Dubai will not enter a bid for the 2020 Olympic Games, instead opting to enter the race to host the event four years later, a statement released by the Gulf Arab emirate's media office said on Friday.
The National Olympic Committee of the United Arab Emirates had been eyeing a 2020 bid but decided a later one may be better timed, although it estimated 70 percent of infrastructure to host the event was in already place or in the planning stages.
"We fully intend to place a bid once I am totally satisfied that we are prepared to host the greatest sporting event in history in a way that would add value to the Olympic Movement itself," Dubai Crown Prince Sheikh Hamdan bin Mohammed Al Maktoum, a chairman of one of the Olympic planning committees, was quoted as saying in the government statement.

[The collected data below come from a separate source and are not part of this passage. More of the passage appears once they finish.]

From mathcomp Require Import all_boot all_order all_algebra.
From mathcomp Require Import Rstruct complex.
From mathcomp Require Import mpoly.
From Stdlib Require Import Classical.
Import GRing.Theory Order.TTheory Num.Theory.
Set Implicit Arguments.
Unset Strict Implicit.
Unset Printing Implicit Defensive.
Local Open Scope ring_scope.

(* Fix the interpolation points and the degree-compatible monomial order of
   mpoly, and call a monomial standard when it does not agree on the points with
   a combination of smaller monomials.  Rewriting non-standard monomials
   interpolates every q by standard monomials without raising the degree.
   Standard monomials form a lower set whose evaluation vectors are linearly
   independent, so the box below a standard monomial has at most N elements,
   which places it in A_N^*.
   Conversely, if a lies in a lower set of size at most N, interpolate x^a on
   the grid {m <= a}.  The difference x^a - p vanishes on the grid and has
   degree at most |a|; the mixed forward difference of order a at 0 therefore
   kills it, while it sends it to a! times its coefficient of x^a.  So x^a
   occurs in p, and a is in A. *)

Section Box.
Variable s : nat.
Implicit Types a m : 'X_{1..s}.

Definition box a : seq 'X_{1..s} :=
  [seq bmnm b | b <- enum [pred b : 'X_{1..s < (mdeg a).+1} | lem b a]].

Lemma mem_box a m : (m \in box a) = lem m a.
Proof.
apply/mapP/idP => [[b]|le_ma]; first by rewrite mem_enum => ? ->.
have lt_m : (mdeg m < (mdeg a).+1)%N by rewrite ltnS lemc_mdeg ?lem_leo.
by exists (BMultinom lt_m); rewrite ?mem_enum.
Qed.

Lemma box_uniq a : uniq (box a).
Proof. by rewrite map_inj_uniq ?enum_uniq //; apply: val_inj. Qed.

Lemma box_lower a : lower_set (box a).
Proof. by move=> m m'; rewrite !mem_box => le_ma le_m'm; apply: lepm_trans le_m'm le_ma. Qed.

Lemma A_star_box N a : A_star N a <-> (size (box a) <= N)%N.
Proof.
have a_box : a \in box a by rewrite mem_box lepm_refl.
split=> [[j [/andP[_ le_jN] [B [[lowB _ sizeB] aB]]]]|le_box_N].
  apply: leq_trans le_jN; rewrite -sizeB; apply: uniq_leq_size (box_uniq a) _ => m.
  by rewrite mem_box; apply: lowB.
exists (size (box a)); split; first by rewrite le_box_N andbT; case: (box a) a_box.
by exists (box a); split => //; split => //; [apply: box_lower | apply: box_uniq].
Qed.

End Box.

Section StandardMonomials.
Variables (R : fieldType) (s k : nat) (X : 'I_k -> 'I_s -> R).
Local Notation mon := 'X_{1..s}.
Local Notation poly := {mpoly R[s]}.
Implicit Types (P Q : mon -> Prop) (a m : mon) (f p q : poly).

Definition agree p q := forall i, p.@[X i] = q.@[X i].
Definition supported P p := forall m, m \in msupp p -> P m.
Definition interpolable P f := exists2 p, supported P p & agree p f.

Lemma supported0 P : supported P 0.
Proof. by move=> m; rewrite msupp0. Qed.

Lemma supportedD P p q : supported P p -> supported P q -> supported P (p + q).
Proof. by move=> hp hq m /msuppD_le; rewrite mem_cat => /orP[/hp|/hq]. Qed.

Lemma supportedZ P c p : supported P p -> supported P (c *: p).
Proof. by move=> hp m /msuppZ_le /hp. Qed.

Lemma supported_sum P (I : Type) (r : seq I) (F : I -> poly) :
  (forall i, supported P (F i)) -> supported P (\sum_(i <- r) F i).
Proof.
move=> hF; elim: r => [|i r ih]; first by rewrite big_nil; apply: supported0.
by rewrite big_cons; apply: supportedD.
Qed.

The emirate of Dubai, business hub of the UAE's seven-emirate federation, has aimed to draw various major sporting events to its coastal city, known for luxury hotels and glittering skyscrapers jutting out of a desert landscape.
It has hosted several World championships in sports such as golf, swimming and tennis in recent years.
In his statement on the Olympic bid decision, Sheikh Hamdan alluded to recent youth-driven uprisings that swept much of the Arab world, including neighbouring Oman and Bahrain.
"Our energy needs to go first and foremost to achieving a just and lasting peace for our youth as the bedrock to a future bid which is most likely for the 2024 Olympic Games," he said.
The UAE, the world's third largest oil exporter with a small local population and the eight highest per capita income in the world, has been spared from the regional unrest.